Exercise data
****************

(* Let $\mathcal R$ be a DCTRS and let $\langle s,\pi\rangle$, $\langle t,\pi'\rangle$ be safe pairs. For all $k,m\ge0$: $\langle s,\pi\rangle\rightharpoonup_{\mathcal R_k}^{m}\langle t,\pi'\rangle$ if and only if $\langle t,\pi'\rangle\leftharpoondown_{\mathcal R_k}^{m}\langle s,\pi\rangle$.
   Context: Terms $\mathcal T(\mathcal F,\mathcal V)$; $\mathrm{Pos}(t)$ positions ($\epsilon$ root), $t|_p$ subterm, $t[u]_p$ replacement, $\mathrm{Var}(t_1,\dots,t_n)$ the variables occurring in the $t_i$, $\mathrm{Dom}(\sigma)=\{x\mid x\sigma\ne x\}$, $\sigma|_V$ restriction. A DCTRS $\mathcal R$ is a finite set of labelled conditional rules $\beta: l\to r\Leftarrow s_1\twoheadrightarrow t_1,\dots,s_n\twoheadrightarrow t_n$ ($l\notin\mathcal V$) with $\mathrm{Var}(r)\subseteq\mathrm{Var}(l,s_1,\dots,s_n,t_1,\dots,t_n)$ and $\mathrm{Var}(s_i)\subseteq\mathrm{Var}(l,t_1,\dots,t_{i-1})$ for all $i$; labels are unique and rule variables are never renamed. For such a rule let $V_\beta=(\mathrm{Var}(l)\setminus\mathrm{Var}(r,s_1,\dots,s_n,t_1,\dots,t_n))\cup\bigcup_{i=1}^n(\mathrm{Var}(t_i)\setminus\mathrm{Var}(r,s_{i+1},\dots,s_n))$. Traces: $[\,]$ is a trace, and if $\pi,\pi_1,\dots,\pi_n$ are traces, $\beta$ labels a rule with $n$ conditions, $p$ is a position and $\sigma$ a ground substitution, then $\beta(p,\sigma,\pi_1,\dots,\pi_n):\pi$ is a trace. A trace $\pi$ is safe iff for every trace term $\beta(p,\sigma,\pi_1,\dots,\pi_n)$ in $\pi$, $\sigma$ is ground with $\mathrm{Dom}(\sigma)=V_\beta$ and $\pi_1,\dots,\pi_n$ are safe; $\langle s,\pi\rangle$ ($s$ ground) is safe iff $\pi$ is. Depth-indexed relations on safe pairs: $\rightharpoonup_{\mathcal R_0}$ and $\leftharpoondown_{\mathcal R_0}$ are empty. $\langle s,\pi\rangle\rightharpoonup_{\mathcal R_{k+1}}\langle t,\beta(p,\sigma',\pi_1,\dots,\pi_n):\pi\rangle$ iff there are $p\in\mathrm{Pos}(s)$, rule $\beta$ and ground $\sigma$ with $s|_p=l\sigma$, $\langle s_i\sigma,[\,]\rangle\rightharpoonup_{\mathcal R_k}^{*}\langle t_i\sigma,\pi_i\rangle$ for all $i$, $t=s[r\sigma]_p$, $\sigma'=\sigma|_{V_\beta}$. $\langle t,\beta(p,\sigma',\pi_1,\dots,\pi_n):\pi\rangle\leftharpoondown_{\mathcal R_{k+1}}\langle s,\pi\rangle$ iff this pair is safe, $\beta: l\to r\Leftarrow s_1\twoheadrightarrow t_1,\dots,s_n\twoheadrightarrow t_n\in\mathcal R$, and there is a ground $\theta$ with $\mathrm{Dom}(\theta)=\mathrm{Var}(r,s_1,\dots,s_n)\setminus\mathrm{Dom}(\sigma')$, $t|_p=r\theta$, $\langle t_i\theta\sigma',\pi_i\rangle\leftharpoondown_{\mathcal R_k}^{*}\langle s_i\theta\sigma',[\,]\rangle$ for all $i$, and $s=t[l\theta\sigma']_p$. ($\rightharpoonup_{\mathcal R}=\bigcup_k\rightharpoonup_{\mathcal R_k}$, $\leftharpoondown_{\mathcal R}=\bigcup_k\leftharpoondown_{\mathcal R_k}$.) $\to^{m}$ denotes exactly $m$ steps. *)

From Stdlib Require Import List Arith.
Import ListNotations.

****************

Exercise brief
After reading the data, retype all of it exactly as it reads.

Reply to the task
(* Let $\mathcal R$ be a DCTRS and let $\langle s,\pi\rangle$, $\langle t,\pi'\rangle$ be safe pairs. For all $k,m\ge0$: $\langle s,\pi\rangle\rightharpoonup_{\mathcal R_k}^{m}\langle t,\pi'\rangle$ if and only if $\langle t,\pi'\rangle\leftharpoondown_{\mathcal R_k}^{m}\langle s,\pi\rangle$.
   Context: Terms $\mathcal T(\mathcal F,\mathcal V)$; $\mathrm{Pos}(t)$ positions ($\epsilon$ root), $t|_p$ subterm, $t[u]_p$ replacement, $\mathrm{Var}(t_1,\dots,t_n)$ the variables occurring in the $t_i$, $\mathrm{Dom}(\sigma)=\{x\mid x\sigma\ne x\}$, $\sigma|_V$ restriction. A DCTRS $\mathcal R$ is a finite set of labelled conditional rules $\beta: l\to r\Leftarrow s_1\twoheadrightarrow t_1,\dots,s_n\twoheadrightarrow t_n$ ($l\notin\mathcal V$) with $\mathrm{Var}(r)\subseteq\mathrm{Var}(l,s_1,\dots,s_n,t_1,\dots,t_n)$ and $\mathrm{Var}(s_i)\subseteq\mathrm{Var}(l,t_1,\dots,t_{i-1})$ for all $i$; labels are unique and rule variables are never renamed. For such a rule let $V_\beta=(\mathrm{Var}(l)\setminus\mathrm{Var}(r,s_1,\dots,s_n,t_1,\dots,t_n))\cup\bigcup_{i=1}^n(\mathrm{Var}(t_i)\setminus\mathrm{Var}(r,s_{i+1},\dots,s_n))$. Traces: $[\,]$ is a trace, and if $\pi,\pi_1,\dots,\pi_n$ are traces, $\beta$ labels a rule with $n$ conditions, $p$ is a position and $\sigma$ a ground substitution, then $\beta(p,\sigma,\pi_1,\dots,\pi_n):\pi$ is a trace. A trace $\pi$ is safe iff for every trace term $\beta(p,\sigma,\pi_1,\dots,\pi_n)$ in $\pi$, $\sigma$ is ground with $\mathrm{Dom}(\sigma)=V_\beta$ and $\pi_1,\dots,\pi_n$ are safe; $\langle s,\pi\rangle$ ($s$ ground) is safe iff $\pi$ is. Depth-indexed relations on safe pairs: $\rightharpoonup_{\mathcal R_0}$ and $\leftharpoondown_{\mathcal R_0}$ are empty. $\langle s,\pi\rangle\rightharpoonup_{\mathcal R_{k+1}}\langle t,\beta(p,\sigma',\pi_1,\dots,\pi_n):\pi\rangle$ iff there are $p\in\mathrm{Pos}(s)$, rule $\beta$ and ground $\sigma$ with $s|_p=l\sigma$, $\langle s_i\sigma,[\,]\rangle\rightharpoonup_{\mathcal R_k}^{*}\langle t_i\sigma,\pi_i\rangle$ for all $i$, $t=s[r\sigma]_p$, $\sigma'=\sigma|_{V_\beta}$. $\langle t,\beta(p,\sigma',\pi_1,\dots,\pi_n):\pi\rangle\leftharpoondown_{\mathcal R_{k+1}}\langle s,\pi\rangle$ iff this pair is safe, $\beta: l\to r\Leftarrow s_1\twoheadrightarrow t_1,\dots,s_n\twoheadrightarrow t_n\in\mathcal R$, and there is a ground $\theta$ with $\mathrm{Dom}(\theta)=\mathrm{Var}(r,s_1,\dots,s_n)\setminus\mathrm{Dom}(\sigma')$, $t|_p=r\theta$, $\langle t_i\theta\sigma',\pi_i\rangle\leftharpoondown_{\mathcal R_k}^{*}\langle s_i\theta\sigma',[\,]\rangle$ for all $i$, and $s=t[l\theta\sigma']_p$. ($\rightharpoonup_{\mathcal R}=\bigcup_k\rightharpoonup_{\mathcal R_k}$, $\leftharpoondown_{\mathcal R}=\bigcup_k\leftharpoondown_{\mathcal R_k}$.) $\to^{m}$ denotes exactly $m$ steps. *)

From Stdlib Require Import List Arith.
Import ListNotations.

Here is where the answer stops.